(* For F <> 0 there is a relaxed monomial order in which every vector not
   >= F lies below F: compare first "is >= F", then total degree, then pickle. *)
Lemma relaxed_order_below F : F <> v0 ->
  exists lt : vec d -> vec d -> Prop,
    relaxed_monomial_order lt /\ (forall h, ~~ vle F h -> lt h F).
Proof.
move=> F0; pose key z : nat := vle F z.
pose lt x y := (key x < key y) || (key x == key y) &&
   ((sz x < sz y) || (sz x == sz y) && (pickle x < pickle y)).
have key_mono w u : key w <= key (vadd w u).
  rewrite /key; case: (boolP (vle F w)) => //= Fw.
  by rewrite (vle_trans Fw (vle_addr w u)).
have key0 : key v0 = 0.
  rewrite /key; case: (boolP (vle F v0)) => // /vleP F_le0.
  by have [i Fi] := vneq0 F0; move: (F_le0 i); rewrite v0E leqNgt Fi.
exists (fun x y => lt x y); split; first split.
- by move=> x; rewrite /lt; lia.
- by move=> x y z; rewrite /lt; lia.
- move=> x y ne; have : pickle x != pickle y by apply/eqP=> /(pcan_inj pickleK).
  rewrite /lt; lia.
- move=> v w u; case: (classic (u = v0)) => [-> | u0]; first by rewrite vadd0.
  have := sz_gt0 u0; have := key_mono w u; rewrite /lt sz_add; lia.
- move=> v v_ne0; have := sz_gt0 v_ne0; have := key_mono v0 v; rewrite /lt key0 sz0; lia.
- move=> h Fh; have kF : key F = 1 by rewrite /key vle_refl.
  by rewrite /lt kF /key (negbTE Fh).
Qed.

End Vectors.

Section Gaps.
Variables (d : nat) (S : vec d -> Prop).
Implicit Types x y z s F : vec d.

Definition maximal_gap F := ~ S F /\ forall h, ~ S h -> vle F h -> h = F.

Definition pseudo_frobenius y := ~ S y /\ forall s, S s -> s <> v0 -> S (vadd y s).

(* S \/ Q is closed under addition (given that S is). *)
Definition closed_extension (Q : vec d -> Prop) :=
  (forall x y, Q x -> S y -> S (vadd x y) \/ Q (vadd x y)) /\
  (forall x y, Q x -> Q y -> S (vadd x y) \/ Q (vadd x y)).

Hypothesis S0 : S v0.

Lemma gap_neq0 x : ~ S x -> x <> v0.
Proof. by move=> nSx x0; apply: nSx; rewrite x0. Qed.

Lemma FA_maximal_gap F : FA S F <-> maximal_gap F.
Proof.
split.
- move=> [nSF [lt [[lt_irr _ _ lt_add _] below]]]; split=> // h nSh Fh.
  case: (below h nSh) => // hF; exfalso; apply: (lt_irr h).
  by have := lt_add _ _ (vsub h F) hF; rewrite vsubK.
- move=> [nSF Fmax]; split=> //.
  have [lt [lt_order lt_below]] := relaxed_order_below (gap_neq0 nSF).
  exists lt; split=> // h nSh; case: (boolP (vle F h)) => [Fh | nFh].
  + by left; apply: Fmax.
  + by right; apply: lt_below.
Qed.

(* A maximal gap m is pseudo-Frobenius, and 2m \in S since 2m >= m, m <> 0. *)
Lemma maximal_gap_pseudo_frobenius m :
  maximal_gap m -> pseudo_frobenius m /\ S (vadd m m).
Proof.
move=> [nSm mmax]; split; first split=> // s Ss s0.
- apply: NNPP => nS; apply: s0; apply: (@vadd_eq_self _ m).
  exact: mmax nS (vle_addr _ _).
- apply: NNPP => nS; apply: (gap_neq0 nSm).
  exact: vadd_eq_self (mmax _ nS (vle_addr _ _)).
Qed.

Lemma pseudo_frobenius_mul x k : pseudo_frobenius x -> 0 < k ->
  forall s, S s -> s <> v0 -> S (vadd (vmul k x) s).
Proof.
move=> [_ x_pf]; elim: k => // [[_ _ | k IH _]] s Ss s0.
  by rewrite vmul1; apply: x_pf.
rewrite -(vmulD 1 k.+1) vmul1 -vaddA; apply: x_pf; first exact: IH.
by move/vadd_eq0.
Qed.

End Gaps.

(* In a predicate with finitely many members, every member lies below a
   maximal member (induction on the distance to the largest total degree). *)
Lemma exists_maximal_above d (P : vec d -> Prop) (s : seq (vec d)) :
  (forall x, P x -> x \in s) -> forall z, P z ->
  exists m, [/\ P m, vle z m & forall g, P g -> vle m g -> g = m].
Proof.
move=> Ps z Pz; pose B := \max_(g <- s) sz g.
have szB g : P g -> sz g <= B.
  by move=> Pg; apply: (leq_bigmax_seq (P := xpredT)); rewrite ?Ps.
have [n] := ubnP (B - sz z); elim: n z Pz => // n IH z Pz lt_n.
case: (classic (exists g, [/\ P g, vle z g & g <> z])) => [[g [Pg zg gz]] | no_above].
- have := vle_sz zg (nesym gz); have := szB g Pg => gB zg_sz.
  have [m [Pm gm mmax]] := IH g Pg ltac:(lia).
  by exists m; split=> //; apply: vle_trans zg gm.
- exists z; split=> //; first exact: vle_refl.
  by move=> g Pg zg; apply: NNPP => gz; apply: no_above; exists g.
Qed.

Lemma GNS_union d (S Q : vec d -> Prop) :
  GNS S -> closed_extension S Q -> GNS (fun z => S z \/ Q z).
Proof.
move=> [S0 Sadd [gaps gapsP]] [QS QQ]; split.
- by left.
- move=> x y [Sx|Qx] [Sy|Qy].
  + by left; apply: Sadd.
  + by rewrite vaddC; apply: QS.
  + exact: QS.
  + exact: QQ.
- by exists gaps => x nSQ; apply: gapsP => Sx; apply: nSQ; left.
Qed.

Section MaximalMembers.
Variables (d : nat) (D : seq (vec d)) (S : vec d -> Prop).
Implicit Types x y z s F : vec d.
Hypothesis D0 : v0 \notin D.
Hypothesis D_antichain : forall a b, a \in D -> b \in D -> vle a b -> a = b.
Hypothesis S_max : maximal_in_CD D S.

Let S_gns : GNS S := proj1 (proj1 S_max).
Let S_avoids_D x : x \in D -> ~ S x := proj2 (proj1 S_max) x.
Let S0 : S v0. Proof. by case: S_gns. Qed.

Lemma maximal_absorbs (Q : vec d -> Prop) :
  closed_extension S Q -> (forall x, x \in D -> ~ Q x) -> forall z, Q z -> S z.
Proof.
move=> Qclosed QD z Qz; apply: (proj2 S_max (fun z => S z \/ Q z)); last by right.
- split; first exact: GNS_union.
  by move=> x xD [Sx|Qx]; [apply: S_avoids_D xD Sx | apply: QD xD Qx].
- by move=> x Sx; left.
Qed.

(* A pseudo-Frobenius gap y with 2y \in S could be adjoined alone, so y \in D. *)
Lemma pseudo_frobenius_in_D y :
  pseudo_frobenius S y -> S (vadd y y) -> y \in D.
Proof.
move=> [nSy y_pf] S2y; apply: NNPP => yD; apply: nSy.
apply: (maximal_absorbs (Q := fun z => z = y)) => //; first split.
- move=> x s -> Ss; case: (classic (s = v0)) => [-> | s0].
  + by right; rewrite vadd0.
  + by left; apply: y_pf.
- by move=> x x' -> ->; left.
- by move=> x xD xy; apply: yD; rewrite -xy.
Qed.

Lemma maximal_gap_in_D m : maximal_gap S m -> m \in D.
Proof.
by move=> /(maximal_gap_pseudo_frobenius S0) [m_pf S2m]; apply: pseudo_frobenius_in_D.
Qed.

(* Conversely each element of D is a maximal gap: it lies below a maximal gap,
   which belongs to the antichain D. *)
Lemma D_maximal_gap x : x \in D -> maximal_gap S x.
Proof.
move=> xD; case: S_gns => _ _ [gaps gapsP].
have [m [nSm xm mmax]] := exists_maximal_above gapsP (S_avoids_D xD).
have m_max : maximal_gap S m by split.
by rewrite (D_antichain xD (maximal_gap_in_D m_max) xm).
Qed.

Lemma FA_maximal x : FA S x <-> x \in D.
Proof.
rewrite FA_maximal_gap //; split; [exact: maximal_gap_in_D | exact: D_maximal_gap].
Qed.

(* A gap x with F - x \notin S for all F \in D above x is pseudo-Frobenius: a
   maximal gap y = x + s0 of x + S is pseudo-Frobenius and not in D, hence
   2y is a gap of x + S above y unless s0 = 0. *)
Lemma gap_pseudo_frobenius x : ~ S x ->
  (forall F, F \in D -> vle x F -> ~ S (vsub F x)) -> pseudo_frobenius S x.
Proof.
move=> nSx x_noF; case: S_gns => _ Sadd [gaps gapsP].
pose P z := ~ S z /\ exists2 s, S s & z = vadd x s.
have Px : P x by split=> //; exists v0; rewrite ?vadd0.
have [y [[nSy [s0 Ss0 Ey]] _ ymax]] := exists_maximal_above (P := P) (fun z Pz => gapsP z Pz.1) Px.
subst y.
have y_pf : pseudo_frobenius S (vadd x s0).
  split=> [// | s Ss s_ne0]; apply: NNPP => nS; apply: s_ne0; apply: vadd_eq_self.
  by apply: ymax (vle_addr _ _); split=> //; exists (vadd s0 s); rewrite ?vaddA //; apply: Sadd.
have yD : vadd x s0 \notin D.
  by apply/negP=> yD; apply: (x_noF _ yD (vle_addr _ _)); rewrite vaddKl.
suff s00 : s0 = v0 by rewrite s00 vadd0 in y_pf.
apply: NNPP => s0_ne0; move/negP: yD; apply; apply: pseudo_frobenius_in_D => //.
apply: NNPP => nS2y; apply: nSy.
have y_idem : vadd (vadd x s0) (vadd x s0) = vadd x s0.
  apply: ymax (vle_addr _ _); split=> //; exists (vadd s0 (vadd x s0)).
  + by rewrite vaddC; apply: y_pf.2.
  + by rewrite -vaddA.
by rewrite (vadd_eq_self y_idem).
Qed.

Lemma multiples_in_D x j k :
  x <> v0 -> vmul j x \in D -> vmul k x \in D -> j = k.
Proof.
move=> x0 jD kD; apply: (vmul_inj x0); case: (leqP j k) => jk.
- exact: D_antichain jD kD (vmul_le x jk).
- by symmetry; apply: D_antichain kD jD (vmul_le x (ltnW jk)).
Qed.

■ PROBLEM DETAILS: Could you return exactly the lines above from the line with "by rewrite (vle_trans Fw (vle_addr w u))." to the line with "- by move=> x y z; rewrite /lt; lia.", both included, and nothing else?

■ ANSWER FOR THE TASK:
  by rewrite (vle_trans Fw (vle_addr w u)).
have key0 : key v0 = 0.
  rewrite /key; case: (boolP (vle F v0)) => // /vleP F_le0.
  by have [i Fi] := vneq0 F0; move: (F_le0 i); rewrite v0E leqNgt Fi.
exists (fun x y => lt x y); split; first split.
- by move=> x; rewrite /lt; lia.
- by move=> x y z; rewrite /lt; lia.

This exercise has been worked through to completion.